What the task asks | Please repeat, from the entries that follow, the lines from the one containing "Lemma weightU w" through the one containing "Proof. exact: big_setD1. Qed." exactly, adding nothing.
··· Exercise inputs
Definition degree v L : nat :=
  count (fun p => p.1 == v) L + count (fun p => p.2 == v) L.

Lemma degree_cat v L1 L2 : degree v (L1 ++ L2) = degree v L1 + degree v L2.
Proof. by rewrite /degree !count_cat addnACA. Qed.

Lemma degree_cons v p L : degree v (p :: L) = (p.1 == v) + (p.2 == v) + degree v L.
Proof. by rewrite /degree /= addnACA. Qed.

Lemma degree_nseq v k p : degree v (nseq k p) = ((p.1 == v) + (p.2 == v)) * k.
Proof. by rewrite /degree !count_nseq mulnDl. Qed.

Lemma degree_take v t L : degree v (take t L) <= degree v L.
Proof. by rewrite -{2}(cat_take_drop t L) degree_cat leq_addr. Qed.

Lemma degree_le_size v L : all (fun p => p.1 != p.2) L -> degree v L <= size L.
Proof.
elim: L => [|p L IH] //= /andP [p12 /IH]; rewrite degree_cons.
have : (p.1 == v) + (p.2 == v) <= 1.
  by case: eqP => [e1|]; case: eqP => [e2|] //=; move: p12; rewrite e1 e2 eqxx.
lia.
Qed.

Lemma degree_eq0 v L : all (fun p => (p.1 != v) && (p.2 != v)) L -> degree v L = 0.
Proof.
elim: L => [|p L IH] //= /andP [/andP [/negbTE p1 /negbTE p2] /IH].
by rewrite degree_cons p1 p2.
Qed.

End EdgeLists.

Section Konig.
Variable V : finType.
Implicit Types (E : rel V) (w : V -> nat) (side : V -> bool) (A B C D U : {set V}).

Definition bmatching E w (L : seq (V * V)) : Prop :=
  all (fun p => E p.1 p.2) L /\ forall v, degree v L <= w v.

Lemma bmatchingW E w w' L : bmatching E w L -> (forall v, w v <= w' v) -> bmatching E w' L.
Proof. by move=> [edges deg] le_w; split=> // v; apply: leq_trans (deg v) (le_w v). Qed.

Definition weight w A : nat := \sum_(v in A) w v.

Lemma weightID w A B : weight w A = weight w (A :&: B) + weight w (A :\: B).
Proof. exact: big_setID. Qed.

Lemma weight_subset w A B : A \subset B -> weight w A <= weight w B.
Proof. by move=> /setIidPr AB; rewrite (weightID w B A) AB leq_addr. Qed.

Lemma weightU w A B : weight w (A :|: B) <= weight w A + weight w B.
Proof.
rewrite (weightID w _ A) setUK leq_add2l weight_subset //.
by rewrite setDUl setDv set0U subsetDl.
Qed.

Lemma weightD1 w A v : v \in A -> weight w A = w v + weight w (A :\ v).
Proof. exact: big_setD1. Qed.

Lemma weight_gt0 w A v : v \in A -> 0 < w v -> 0 < weight w A.
Proof. by move=> vA wv; rewrite (weightD1 w vA) ltn_addr. Qed.

Lemma weight_restrict w U A : weight (fun v => (v \in U) * w v) A = weight w (A :&: U).
Proof.
rewrite /weight big_mkcond [RHS]big_mkcond /=; apply: eq_bigr => v _.
by rewrite in_setI; case: (v \in A); case: (v \in U); rewrite ?mul1n.
Qed.

Definition is_cover E C : bool := [forall x, forall y, E x y ==> (x \in C) || (y \in C)].

Lemma coverP E C : reflect (forall x y, E x y -> (x \in C) || (y \in C)) (is_cover E C).
Proof.
apply: (iffP forallP) => [cov x y Exy | cov x]; last first.
  by apply/forallP => y; apply/implyP; apply: cov.
by have /forallP/(_ y)/implyP := cov x; apply.
Qed.

Definition bipartite side E : Prop := forall x y, E x y -> side x != side y.

Definition induced E U : rel V := fun x y => [&& E x y, x \in U & y \in U].

Lemma bipartite_induced side E U : bipartite side E -> bipartite side (induced E U).
Proof. by move=> bip x y /and3P [/bip]. Qed.

Lemma bipartite_subset side E A B :
  B \subset A -> bipartite side (induced E A) -> bipartite side (induced E B).
Proof.
by move=> /subsetP BA bip x y /and3P [Exy /BA xA /BA yA]; apply: bip; apply/and3P.
Qed.

Definition cover_le_matching E w : Prop :=
  exists L C, [/\ bmatching E w L, is_cover E C & weight w C <= size L].

Definition agreement side C := [set v | side v == (v \in C)].

Lemma agreementC side C : ~: agreement side C = agreement (fun v => ~~ side v) C.
Proof. by apply/setP => v; rewrite !inE; case: (side v); case: (v \in C). Qed.

Lemma min_cover_induced E w C U D :
  (forall D, is_cover E D -> weight w C <= weight w D) ->
  (forall x y, E x y -> x \notin C :\: U -> y \notin C :\: U -> (x \in U) && (y \in U)) ->
  is_cover (induced E U) D -> weight w (C :&: U) <= weight w (D :&: U).
Proof.
move=> minC inU /coverP covD.
have covK : is_cover E ((D :&: U) :|: (C :\: U)).
  apply/coverP => x y Exy; rewrite !inE.
  case: (boolP (x \in C :\: U)) => [/setDP [-> ->]|xCU]; rewrite ?orbT //.
  case: (boolP (y \in C :\: U)) => [/setDP [-> ->]|yCU]; rewrite ?orbT //.
  have /andP [xU yU] := inU x y Exy xCU yCU.
  by have := covD x y; rewrite /induced Exy xU yU => /(_ isT) /orP [] ->; rewrite ?orbT.
have := leq_trans (minC _ covK) (weightU _ _ _).
by rewrite (weightID w C U) leq_add2r.
Qed.

Lemma agreement_edges side E C x y : bipartite side E -> is_cover E C -> E x y ->
  x \notin C :\: agreement side C -> y \notin C :\: agreement side C ->
  (x \in agreement side C) && (y \in agreement side C).
Proof.
move=> bip /coverP cov Exy; move: (bip x y Exy) (cov x y Exy); rewrite !inE.
by case: (side x); case: (side y); case: (x \in C); case: (y \in C).
Qed.

Lemma konig_split side E w C : bipartite side E -> is_cover E C ->
  (forall D, is_cover E D -> weight w C <= weight w D) ->
  let U := agreement side C in
  cover_le_matching (induced E U) (fun v => (v \in U) * w v) ->
  cover_le_matching (induced E (~: U)) (fun v => (v \in ~: U) * w v) ->
  cover_le_matching E w.
Proof.
move=> bip covC minC U [L1 [D1 [[edL1 degL1] covD1 szL1]]] [L2 [D2 [[edL2 degL2] covD2 szL2]]].
have bipN : bipartite (fun v => ~~ side v) E by move=> x y /bip; rewrite (inj_eq negb_inj).
have halfU := min_cover_induced minC (fun x y => agreement_edges bip covC) covD1.
have edgesN x y : E x y -> x \notin C :\: ~: U -> y \notin C :\: ~: U ->
    (x \in ~: U) && (y \in ~: U).
  by rewrite /U agreementC; apply: agreement_edges bipN covC.
have halfN := min_cover_induced minC edgesN covD2.
exists (L1 ++ L2), C; split => //.
- split; first by rewrite all_cat (sub_all _ edL1) ?(sub_all _ edL2) // => p /and3P [].
  move=> v; rewrite degree_cat; move: (degL1 v) (degL2 v); rewrite in_setC.
  by case: (v \in U); rewrite ?mul0n ?mul1n; lia.
- rewrite size_cat (weightID w C U) setDE.
  apply: leq_add; [apply: leq_trans halfU _ | apply: leq_trans halfN _];
    by rewrite -weight_restrict.
Qed.

Lemma weight_decr w x y A : x != y -> 0 < w x -> 0 < w y ->
  weight w A = weight (fun v => w v - (v == x) - (v == y)) A + (x \in A) + (y \in A).
Proof.
move=> xy wx wy.
have indicator z : \sum_(v in A) (v == z) = (z \in A).
  case: (boolP (z \in A)) => zA; last first.
    by rewrite big1 // => v vA; case: eqP vA => // ->; rewrite (negbTE zA).
  by rewrite (bigD1 z) //= eqxx big1 // => v /andP [_ /negbTE ->].
rewrite -!indicator /weight -!big_split /=; apply: eq_bigr => v _.
case: (eqVneq v x) => [->|_]; first by rewrite (negbTE xy); lia.
by case: (eqVneq v y) => [->|_]; lia.
Qed.

Lemma konig_edge side E w C x y : bipartite side E -> is_cover E C ->
  (forall D, is_cover E D -> weight w C <= weight w D) ->
  (forall D, is_cover E D -> weight w D = weight w C ->
     (weight w (agreement side D) == 0) || (weight w (~: agreement side D) == 0)) ->
  E x y -> 0 < w x -> 0 < w y ->
  cover_le_matching E (fun v => w v - (v == x) - (v == y)) ->
  cover_le_matching E w.
Proof.
move=> bip covC minC nosplit Exy wx wy [L [D [[edL degL] covD szD]]].
have xy : x != y by apply: contraNneq (bip x y Exy) => ->.
have wD := weight_decr D xy wx wy.
have matching : bmatching E w ((x, y) :: L).
  split=> [|v]; first by rewrite /= Exy.
  have := weight_decr [set v] xy wx wy; rewrite /weight !big_set1 !inE.
  by rewrite degree_cons /=; have := degL v; lia.
have [/andP [xD yD]|nxy] := boolP ((x \in D) && (y \in D)); last first.
  exists ((x, y) :: L), D; split => //=.
  by move: nxy wD; case: (x \in D); case: (y \in D) => //= _; lia.
exists ((x, y) :: L), C; split => //=.
have [eqD|] := eqVneq (weight w D) (weight w C); last first.
  by move=> neD; have := minC D covD; move: neD wD; rewrite xD yD /=; lia.
have agrE v : v \in D -> (v \in agreement side D) = side v by move=> vD; rewrite inE vD eqb_id.
have absent A v : weight w A = 0 -> 0 < w v -> v \notin A.
  by move=> A0 wv; apply/negP => /weight_gt0 /(_ wv); rewrite A0.
have := bip x y Exy; rewrite -(agrE x xD) -(agrE y yD).
case/orP: (nosplit D covD eqD) => /eqP A0.
  by rewrite (negbTE (absent _ _ A0 wx)) (negbTE (absent _ _ A0 wy)).
by move: (absent _ _ A0 wx) (absent _ _ A0 wy); rewrite !in_setC !negbK => -> ->.
Qed.

Lemma konig_trivial E w :
  ~~ [exists x, exists y, [&& E x y, 0 < w x & 0 < w y]] -> cover_le_matching E w.
Proof.
move=> nopos; exists [::], [set v | w v == 0]; split => //.
- apply/coverP => x y Exy; rewrite !inE; apply: contraNT nopos.
  rewrite negb_or => /andP [wx wy]; apply/existsP; exists x; apply/existsP; exists y.
  by rewrite Exy !lt0n wx wy.
- by rewrite /weight big1 // => v; rewrite inE => /eqP.
Qed.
······
Answer section |
Lemma weightU w A B : weight w (A :|: B) <= weight w A + weight w B.
Proof.
rewrite (weightID w _ A) setUK leq_add2l weight_subset //.
by rewrite setDUl setDv set0U subsetDl.
Qed.

Lemma weightD1 w A v : v \in A -> weight w A = w v + weight w (A :\ v).
Proof. exact: big_setD1. Qed.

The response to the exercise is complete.